The flow chart of the confusion rules of phonemes and tones generated by the results of ASR recognition is analyzed

The main method is, firstly to identify the phonemes of Chinese mandarin learners whose mother tongue is Uyghur based on the phoneme, and each Uyghur speaker is transformed automatically in the recognition to obtain the recognition sequence. Secondly, the standard phonetic phoneme is used as the target phoneme to obtain the mapping relation of the target phoneme x (i) and the recognition phoneme y (j). The relationship can be replaced, deleted, inserted and misread. Meanwhile, to count the mapping and calculate frequency) P x(i)| y(j):

$$ P \, x\left( i \right)\left| {y\left( j \right)\, = \,(Times\,of\,recognition\,phoneme\,y\left( j \right)/Times\,of\,target\,phoneme\,x \, (i))*100\% } \right. \, $$
(1)

Finally, the recognition accuracy is obtained by confusing the rules and calculating the frequency.

3.2 Phoneme Confusion Matrices and Rules

Vowel Confusion Matrices and Rules

We found out phoneme list with possible pronunciation mistakes by the way of automatic speech recognition to generate confusion matrix, and filtered each vowel, diphthong and consonant table map by threshold value to generate their own confusion rules (Table 1).

Table 1. The 1st–12th columns of vowel confusion matrix obtained from data driven experiment

From Table above, the confusion matrices and confusion rules of vowels and diphthongs can be seen. If the target phoneme is a consonant, but it is recognized as a vowel in the specific recognition, we neglect this recognition error, and the reverse is equally true. Vowel phoneme mapping, statistical frequency and recognition accuracy, all of which have presented in the tables, the first column is the target phoneme, the recognition phoneme that the behavior matches the target phoneme, without listing the mapping of phoneme that not to be considered (Table 2).

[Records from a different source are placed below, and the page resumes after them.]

Lemma exists_expr_lt r e : 0 <= r < 1 -> 0 < e -> exists j : nat, r ^+ j < e.
Proof.
move=> /andP[r0 r1] e0; have q0 : 0 < 1 - r by rewrite subr_gt0.
have eq0 : 0 < e * (1 - r) by rewrite mulr_gt0.
pose j := Num.Def.archi_bound (e * (1 - r))^-1; exists j.
have : (e * (1 - r))^-1 < j%:R by rewrite archi_boundP // invr_ge0 ltW.
rewrite -div1r ltr_pdivrMr //.
have r01 : 0 <= r <= 1 by rewrite r0 ltW.
have := bernoulli_expr j r01.
have := exprn_ge0 j r0; have : 0 <= j%:R :> R := ler0n _ _.
set a := r ^+ j; set b := j%:R; nra.
Qed.

Lemma ge_sup_range u c : (forall n, u n <= c) -> sup (range u) <= c.
Proof. by move=> uc; apply: ge_sup; [exists (u 0%N), 0%N|move=> _ [n _ <-]]. Qed.

Lemma le_sup_range u c n : (forall n, u n <= c) -> u n <= sup (range u).
Proof. by move=> uc; apply: ub_le_sup; [exists c => _ [m _ <-]|exists n]. Qed.

Lemma le_inf_range u c : (forall n, c <= u n) -> c <= inf (range u).
Proof. by move=> cu; apply: lb_le_inf; [exists (u 0%N), 0%N|move=> _ [n _ <-]]. Qed.

Lemma ge_inf_range u c n : (forall n, c <= u n) -> inf (range u) <= u n.
Proof. by move=> cu; apply: ge_inf; [exists c => _ [m _ <-]|exists n]. Qed.

Lemma sup_range_itv u : (forall n, 0 <= u n <= 1) -> 0 <= sup (range u) <= 1.
Proof.
move=> u01; rewrite ge_sup_range ?andbT => [|n]; last by case/andP: (u01 n).
apply: le_trans (_ : u 0%N <= _); first by case/andP: (u01 0%N).
by apply: (@le_sup_range _ 1) => n; case/andP: (u01 n).
Qed.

Table 2. The confusion rules list of monophthong, diphthong that obtained from data driven experiment

4 Conclusions

In this paper, we mainly analyze the results of 50 Uyghur learners through Chinese speech recognition. The samples are collected and the sample information is obtained through recognition on them, and based on this, the error analysis is carried out, and then the relevant rules and laws are obtained. It has introduced two cases of learners’ possible pronunciation erroneous phonemes in detail; first, according to the reasons leading to erroneous pronunciation of learners, the cross-linguistic phonological comparison method is used to predict phonemic confusion, for Uyghur learners, their personal factors will also lead to confusion. With the help of data-driven, the extra phoneme confusion is summarized and the related situation of the two methods is clarified precisely, hoping that the phoneme confusion rules can provide linguistic priori knowledge for speech recognition. In the meantime, the next step is to establish a pronunciation evaluation system specifically targeting Uyghur Chinese learners by using the pronunciation rules obtained from this study in combination with speech recognition.